■ **What you should do**
Two lines below mark the span: the one containing "Definition vset := vec -> Prop." and the one containing "Definition pointed (S". Set down both, plus every line between, exactly as they stand, and nothing else.

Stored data
(* Let $W$ be a real 2-dimensional vector space, $m\ge2$, and let $\varphi:S^mW^*\hookrightarrow(W^* )^{\otimes m}$ be the Veronese factorization structure, with (common) factorization curve $\psi:\mathbb{P}(W)\to\mathbb{P}(S^mW^* )$, $\psi(\ell)=(\ell^0)^{\otimes m}$. Let $\sigma^\vee\subset S^mW^*$ be a full-dimensional pointed convex polyhedral cone each of whose extremal rays lies on a line $\psi(t)$ for some $t\in\mathbb{P}(W)$. Then $\sigma^\vee$ is a cone over a simplicial polytope: every facet of $\sigma^\vee$ contains exactly $m$ extremal rays, and these are linearly independent.
   Context: $S^mW^*\subset(W^* )^{\otimes m}$ is the subspace of symmetric tensors (of dimension $m+1$); $\ell^0\subset W^*$ denotes the annihilator of a line $\ell\subset W$, and $(\ell^0)^{\otimes m}$ is the line spanned by $\alpha\otimes\cdots\otimes\alpha$ for $0\ne\alpha\in\ell^0$ (its image is the rational normal curve of degree $m$). A convex polyhedral cone is the set of nonnegative combinations of finitely many vectors; it is pointed if it contains no nontrivial linear subspace; an extremal ray is a 1-dimensional face, a facet a codimension-one face. *)

From HB Require Import structures.
From mathcomp Require Import all_boot all_order all_algebra.
From mathcomp Require Import reals.
Set Implicit Arguments. Unset Strict Implicit. Unset Printing Implicit Defensive.
Import Order.TTheory GRing.Theory Num.Theory.
Local Open Scope ring_scope.

Section Cones.
Variables (R : realFieldType) (n : nat).
Notation vec := 'rV[R]_n.

Definition vset := vec -> Prop.

Definition subs (A B : vset) : Prop := forall x, A x -> B x.
Definition seteq (A B : vset) : Prop := forall x, A x <-> B x.

(* standard inner product, used to pair with linear functionals *)
Definition dotv (u x : vec) : R := \sum_(i < n) u 0 i * x 0 i.

Definition pcone (gens : seq vec) : vset :=
  fun x => exists c : 'I_(size gens) -> R,
    (forall i, 0 <= c i) /\ x = \sum_(i < size gens) c i *: gens`_i.

Definition ray (v : vec) : vset := fun x => exists c : R, 0 <= c /\ x = c *: v.

Definition line (v : vec) : vset := fun x => exists c : R, x = c *: v.

Definition pointed (S : vset) : Prop :=
  forall v : vec, (forall t : R, S (t *: v)) -> v = 0.

Definition span_dim (S : vset) (d : nat) : Prop :=
  exists s : seq vec, [/\ size s = d, (forall x, x \in s -> S x), free s &
                          forall x, S x -> x \in <<s>>%VS].

Definition full_dim (S : vset) : Prop := span_dim S n.

Definition is_face (S F : vset) : Prop :=
  exists u : vec, (forall x, S x -> 0 <= dotv u x) /\
                  seteq F (fun x => S x /\ dotv u x = 0).

Definition is_facet (S F : vset) : Prop :=
  is_face S F /\ exists d, span_dim S d.+1 /\ span_dim F d.

Definition is_extremal_ray (S E : vset) : Prop := is_face S E /\ span_dim E 1.

End Cones.

(* Veronese structure for W = R^2.  A point t of P(W) is represented by a
   nonzero w in W; its annihilator l^0 in W^* is spanned by alpha = (-w_1, w_0).
   S^m W^* is identified with R^(m+1): a symmetric tensor T is sent to the
   vector whose k-th coordinate is the entry of T at the multi-index
   (0,...,0,1,...,1) with k ones (by symmetry this determines T).  Under this
   identification alpha^{(x) m} has coordinates a^(m-k) b^k. *)
Definition annih (R : ringType) (w : 'rV[R]_2) : 'rV[R]_2 :=
  \row_(j < 2) (if j == 0 :> nat then - w 0 1 else w 0 0).

Definition psi (R : ringType) (m : nat) (w : 'rV[R]_2) : 'rV[R]_(m.+1) :=
  let a := annih w 0 0 in let b := annih w 0 1 in
  \row_(k < m.+1) (a ^+ (m - k) * b ^+ k).

From mathcomp Require Import all_boot all_order all_algebra.
From mathcomp Require Import reals.
From Stdlib Require Import Classical.
From mathcomp Require Import ring zify.
Import Order.TTheory GRing.Theory Num.Theory.
Local Open Scope ring_scope.
Set Implicit Arguments. Unset Strict Implicit. Unset Printing Implicit Defensive.

(** Let [u] expose the facet [F] and let [M] be an irredundant list of
    generators of [F]: no member is a nonnegative combination of the others.
    Each member of [M] spans an extremal ray of the whole cone: Farkas' lemma
    gives a functional exposing it inside [F], and adding a large multiple of
    [u] extends that functional to the cone.  Hence the members of [M] lie on
    the rational normal curve, and pointedness makes them pairwise
    non-proportional.  Any [m + 1] distinct points of that curve are linearly
    independent (some form of degree [m] vanishes at [m] of them but not at the
    last one), while [F] spans only [m] dimensions, so [M] is a basis of the
    span of [F].  Finally every extremal ray inside [F] is spanned by a member
    of [M]. *)

(** * Polyhedral cones *)

Section Cones.
Variables (R : realFieldType) (n : nat).
Notation vec := 'rV[R]_n.

Lemma dotvDr (u x y : vec) : dotv u (x + y) = dotv u x + dotv u y.
Proof. by rewrite /dotv -big_split /=; apply: eq_bigr => i _; rewrite mxE mulrDr. Qed.
(* Assume $|J|=1$, the travel times $\tau$ have a convex potential $\Phi$, and all externality factors $g_{i,p}$ are constant. Then for every $0\le\lambda_1<\lambda_2$ and all $x_1\in\mathrm{WE}(\lambda_1)$, $x_2\in\mathrm{WE}(\lambda_2)$, it holds that $G(x_1)\ge G(x_2)$ and $\Phi(x_1)\le\Phi(x_2)$.
   Context: Let $G=(V,E)$ be a directed graph and $I$ a finite set of commodities; commodity $i$ has source $s_i$, sink $t_i$, demand $d_i>0$; $\mathcal P_i$ is its set of simple $s_i$–$t_i$ paths, $\mathcal P=\{(i,p)\}$. A flow $x\in\mathbb{R}^{\mathcal P}_{\ge0}$ is feasible if $\sum_{p\in\mathcal P_i}x_{i,p}=d_i$ for all $i$; $\mathcal F$ is the set of feasible flows. There is one externality class with constant factors $g_{i,p}\ge0$, $G(x)=\sum_{(i,p)}g_{i,p}x_{i,p}$. Travel times $\tau_{i,p}:\mathcal F\to\mathbb{R}$ have a potential: a differentiable $\Phi:\mathbb{R}^{\mathcal P}\to\mathbb{R}$ with $\tau_{i,p}(x)=\partial\Phi/\partial x_{i,p}(x)$ for $x\in\mathcal F$, assumed convex. For $\lambda\ge0$, $c^\lambda_{i,p}(x)=\tau_{i,p}(x)+\lambda g_{i,p}$, and $x\in\mathrm{WE}(\lambda)$ means $x\in\mathcal F$ and $x_{i,p}>0$ implies $c^\lambda_{i,p}(x)\le c^\lambda_{i,q}(x)$ for all $q\in\mathcal P_i$. *)

From HB Require Import structures.
From mathcomp Require Import all_boot all_order all_algebra.
From mathcomp Require Import all_classical all_reals all_analysis.
Import Order.TTheory GRing.Theory Num.Theory.
Import numFieldNormedType.Exports.
Set Implicit Arguments.
Unset Strict Implicit.
Unset Printing Implicit Defensive.
Local Open Scope ring_scope.

Section Network.
(* directed graph (V, E), commodities I with sources s and sinks t *)
Variables (V : finType) (E : rel V) (I : finType) (s t : I -> V).

Definition is_simple_path (i : I) (p : seq V) : bool :=
  if p is v :: q then [&& v == s i, path E v q, last v q == t i & uniq p]
  else false.

Definition uniq_seqs : seq (seq V) :=
  flatten [seq permutations (enum A) | A : {set V} <- enum {: {set V}}].

Definition path_pairs : seq (I * seq V) :=
  [seq ip <- [seq (i, p) | i <- enum I, p <- uniq_seqs]
     | is_simple_path ip.1 ip.2].

Definition Pidx : finType := seq_sub path_pairs.

Definition comm (k : Pidx) : I := (val k).1.
Definition route (k : Pidx) : seq V := (val k).2.

Definition npaths : nat := #|{: Pidx}|.

Variable R : realType.

(* R^P, realised as row vectors indexed by an enumeration of P *)
Definition flowT := 'rV[R]_npaths.
Definition xval (x : flowT) (k : Pidx) : R := x ord0 (enum_rank k).
Definition unitv (k : Pidx) : flowT := delta_mx ord0 (enum_rank k).

Definition feasible (d : I -> R) (x : flowT) : Prop :=
  (forall k, 0 <= xval x k) /\
  (forall i : I, \sum_(k : Pidx | comm k == i) xval x k = d i).

Definition Gext (g : Pidx -> R) (x : flowT) : R :=
  \sum_(k : Pidx) g k * xval x k.

Definition cost (tau : Pidx -> flowT -> R) (g : Pidx -> R) (lam : R)
  (k : Pidx) (x : flowT) : R := tau k x + lam * g k.

Definition WE (d : I -> R) (tau : Pidx -> flowT -> R) (g : Pidx -> R)
  (lam : R) (x : flowT) : Prop :=
  feasible d x /\
  forall k q : Pidx, comm q = comm k -> 0 < xval x k ->
    cost tau g lam k x <= cost tau g lam q x.

Definition is_potential (d : I -> R) (tau : Pidx -> flowT -> R)
  (Phi : flowT -> R) : Prop :=
  (forall x : flowT, differentiable Phi x) /\
  (forall x : flowT, feasible d x -> forall k, derive Phi x (unitv k) = tau k x).

Definition convex_fun (Phi : flowT -> R) : Prop :=
  forall (x y : flowT) (a : R), 0 <= a <= 1 ->
    Phi (a *: x + (1 - a) *: y) <= a * Phi x + (1 - a) * Phi y.

End Network.

(* Equilibria satisfy a variational inequality: x in WE(lam) gives
   <tau(x) + lam g, y - x> >= 0 for every feasible y, and this pairing
   splits as D Phi(x)(y - x) + lam (G y - G x).  Adding the inequalities for
   (x1, lam1) against x2 and for (x2, lam2) against x1, the derivative terms
   sum to a non-positive quantity by convexity (monotone gradient), leaving
   (lam2 - lam1) (G x1 - G x2) >= 0.  Then the tangent inequality
   Phi x2 - Phi x1 >= D Phi(x1)(x2 - x1) >= lam1 (G x1 - G x2) >= 0. *)
From HB Require Import structures.
From mathcomp Require Import all_boot all_order all_algebra.
From mathcomp Require Import all_classical all_reals all_analysis.
From mathcomp Require Import ring lra.
Import numFieldNormedType.Exports.
Import Order.TTheory GRing.Theory Num.Theory.
Set Implicit Arguments.
Unset Strict Implicit.
Unset Printing Implicit Defensive.
Local Open Scope ring_scope.

Section ConvexDerivative.
Variables (R : realType) (U : normedModType R) (f : U -> R).
Hypothesis f_convex : forall (x y : U) (a : R), 0 <= a <= 1 ->
  f (a *: x + (1 - a) *: y) <= a * f x + (1 - a) * f y.

Lemma convex_tangent_le (x y : U) : differentiable f x ->
  f x + derive f x (y - x) <= f y.
Proof.
move=> df; have /cvg_ex[l fl] := @diff_derivable _ _ _ _ _ (y - x) df.
have -> : derive f x (y - x) = l by exact: cvg_lim.
rewrite addrC -lerBrDr; apply: (cvgr_to_le (cvg_dnbhs_at_right fl)).
near=> h.
have h_gt0 : 0 < h by near: h; exact: nbhs_right_gt.
have h_lt1 : h < 1 by near: h; exact: nbhs_right_lt.
rewrite /= /shift.
have -> : h *: (y - x) + x = h *: y + (1 - h) *: x.
  by rewrite scalerBr scalerBl scale1r addrAC addrA.
have fc : f (h *: y + (1 - h) *: x) <= h * f y + (1 - h) * f x.
  by apply: f_convex; rewrite (ltW h_gt0) (ltW h_lt1).
rewrite -[h^-1 *: _]/(h^-1 * _) ler_pdivrMl //; lra.
Unshelve. all: by end_near.
Qed.

Lemma convex_derive_monotone (x y : U) :
  differentiable f x -> differentiable f y ->
  derive f x (y - x) + derive f y (x - y) <= 0.
Proof.
move=> dfx dfy.
have := convex_tangent_le y dfx; have := convex_tangent_le x dfy; lra.
Qed.

End ConvexDerivative.

Section Wardrop.
Variables (V : finType) (E : rel V) (I : finType) (s t : I -> V) (R : realType).
Local Notation P := (Pidx E s t).
Local Notation flow := (flowT E s t R).

Definition total_cost (c : P -> R) (x : flow) : R := \sum_k c k * xval x k.

Definition wardrop (c : P -> R) (x : flow) : Prop :=
  forall k q : P, comm q = comm k -> 0 < xval x k -> c k <= c q.

Variables (d : I -> R).
Hypothesis d_pos : forall i, 0 < d i.

(* Within commodity i, both sides are compared after scaling by
   d i = sum_q y_q = sum_k x_k, which turns them into double sums over
   pairs (k, q) that can be compared termwise. *)
Lemma wardrop_total_cost_le (c : P -> R) (x y : flow) :
  feasible d x -> wardrop c x -> feasible d y ->
  total_cost c x <= total_cost c y.
Proof.
move=> [x_ge0 x_dem] wx [y_ge0 y_dem].
rewrite /total_cost (partition_big (@comm _ _ _ s t) xpredT) //.
rewrite [leRHS](partition_big (@comm _ _ _ s t) xpredT) //=.
apply: ler_sum => i _; rewrite -(ler_pM2l (d_pos i)).
have -> : d i * (\sum_(k | comm k == i) c k * xval x k) =
    \sum_(k | comm k == i) \sum_(q | comm q == i) c k * xval x k * xval y q.
  rewrite -y_dem big_distrl /=; under eq_bigr do rewrite big_distrr /=.
  by rewrite exchange_big; apply: eq_bigr => k _; apply: eq_bigr => q _; ring.
have -> : d i * (\sum_(q | comm q == i) c q * xval y q) =
    \sum_(k | comm k == i) \sum_(q | comm q == i) c q * xval y q * xval x k.
  rewrite -x_dem big_distrl /=; apply: eq_bigr => k _.
  by rewrite big_distrr /=; apply: eq_bigr => q _; ring.
apply: ler_sum => k /eqP ik; apply: ler_sum => q /eqP iq.
have [->|xk_neq0] := eqVneq (xval x k) 0; first by rewrite !(mulr0, mul0r).
have xk_gt0 : 0 < xval x k by rewrite lt_def xk_neq0 x_ge0.
have := wx k q (etrans iq (esym ik)) xk_gt0.
have := mulr_ge0 (ltW xk_gt0) (y_ge0 q); nra.
Qed.

Variables (tau : P -> flow -> R) (Phi : flow -> R).
Hypothesis Phi_pot : is_potential d tau Phi.

Lemma derive_potential (x w : flow) : feasible d x ->
  derive Phi x w = total_cost (tau^~ x) w.
Proof.
case: Phi_pot => dPhi dPhi_tau fx; rewrite deriveE //.
rewrite {1}(row_sum_delta w) linear_sum /=.
rewrite (reindex (@enum_rank P)) /=; last exact/onW_bij/enum_rank_bij.
by apply: eq_bigr => k _; rewrite linearZ /= -deriveE // dPhi_tau // mulrC.
Qed.

Lemma WE_variational (g : P -> R) (lam : R) (x y : flow) :
  WE d tau g lam x -> feasible d y ->
  0 <= derive Phi x (y - x) + lam * (Gext g y - Gext g x).
Proof.
move=> [fx wx] fy.
have := wardrop_total_cost_le fx wx fy; rewrite -subr_ge0.
suff -> : total_cost (cost tau g lam ^~ x) y - total_cost (cost tau g lam ^~ x) x
    = derive Phi x (y - x) + lam * (Gext g y - Gext g x) by [].
rewrite derive_potential // /total_cost /Gext -!sumrB mulr_sumr -big_split /=.
by apply: eq_bigr => k _; rewrite /cost /xval !mxE; ring.
Qed.

End Wardrop.

Theorem lemma4p6 (V : finType) (E : rel V) (I : finType) (s t : I -> V)
  (R : realType) (d : I -> R) (d_pos : forall i, 0 < d i)
  (g : Pidx E s t -> R) (g_ge0 : forall k, 0 <= g k)
  (tau : Pidx E s t -> flowT E s t R -> R) (Phi : flowT E s t R -> R)
  (Hpot : is_potential d tau Phi) (Hconv : convex_fun Phi)
  (lam1 lam2 : R) (Hlam1 : 0 <= lam1) (Hlam12 : lam1 < lam2)
  (x1 x2 : flowT E s t R) :
  WE d tau g lam1 x1 -> WE d tau g lam2 x2 ->
  Gext g x2 <= Gext g x1 /\ Phi x1 <= Phi x2.
Proof.
move=> WE1 WE2.
have VI1 := WE_variational d_pos Hpot WE1 WE2.1.
have VI2 := WE_variational d_pos Hpot WE2 WE1.1.
have mono := convex_derive_monotone Hconv (Hpot.1 x1) (Hpot.1 x2).
have tangent := convex_tangent_le Hconv x2 (Hpot.1 x1).
move: VI1 VI2 mono tangent.
set A := derive Phi x1 _; set B := derive Phi x2 _.
set G1 := Gext g x1; set G2 := Gext g x2.
move=> VI1 VI2 mono tangent.
have G_le : G2 <= G1.
  have : 0 <= (lam2 - lam1) * (G1 - G2) by lra.
  by rewrite pmulr_rge0 ?subr_gt0 // subr_ge0.
split=> //.
have : 0 <= lam1 * (G1 - G2) by rewrite mulr_ge0 // subr_ge0.
lra.
Qed.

■ **Reply to the exercise**
Definition vset := vec -> Prop.

Definition subs (A B : vset) : Prop := forall x, A x -> B x.
Definition seteq (A B : vset) : Prop := forall x, A x <-> B x.

(* standard inner product, used to pair with linear functionals *)
Definition dotv (u x : vec) : R := \sum_(i < n) u 0 i * x 0 i.

Definition pcone (gens : seq vec) : vset :=
  fun x => exists c : 'I_(size gens) -> R,
    (forall i, 0 <= c i) /\ x = \sum_(i < size gens) c i *: gens`_i.

Definition ray (v : vec) : vset := fun x => exists c : R, 0 <= c /\ x = c *: v.

Definition line (v : vec) : vset := fun x => exists c : R, x = c *: v.

Definition pointed (S : vset) : Prop :=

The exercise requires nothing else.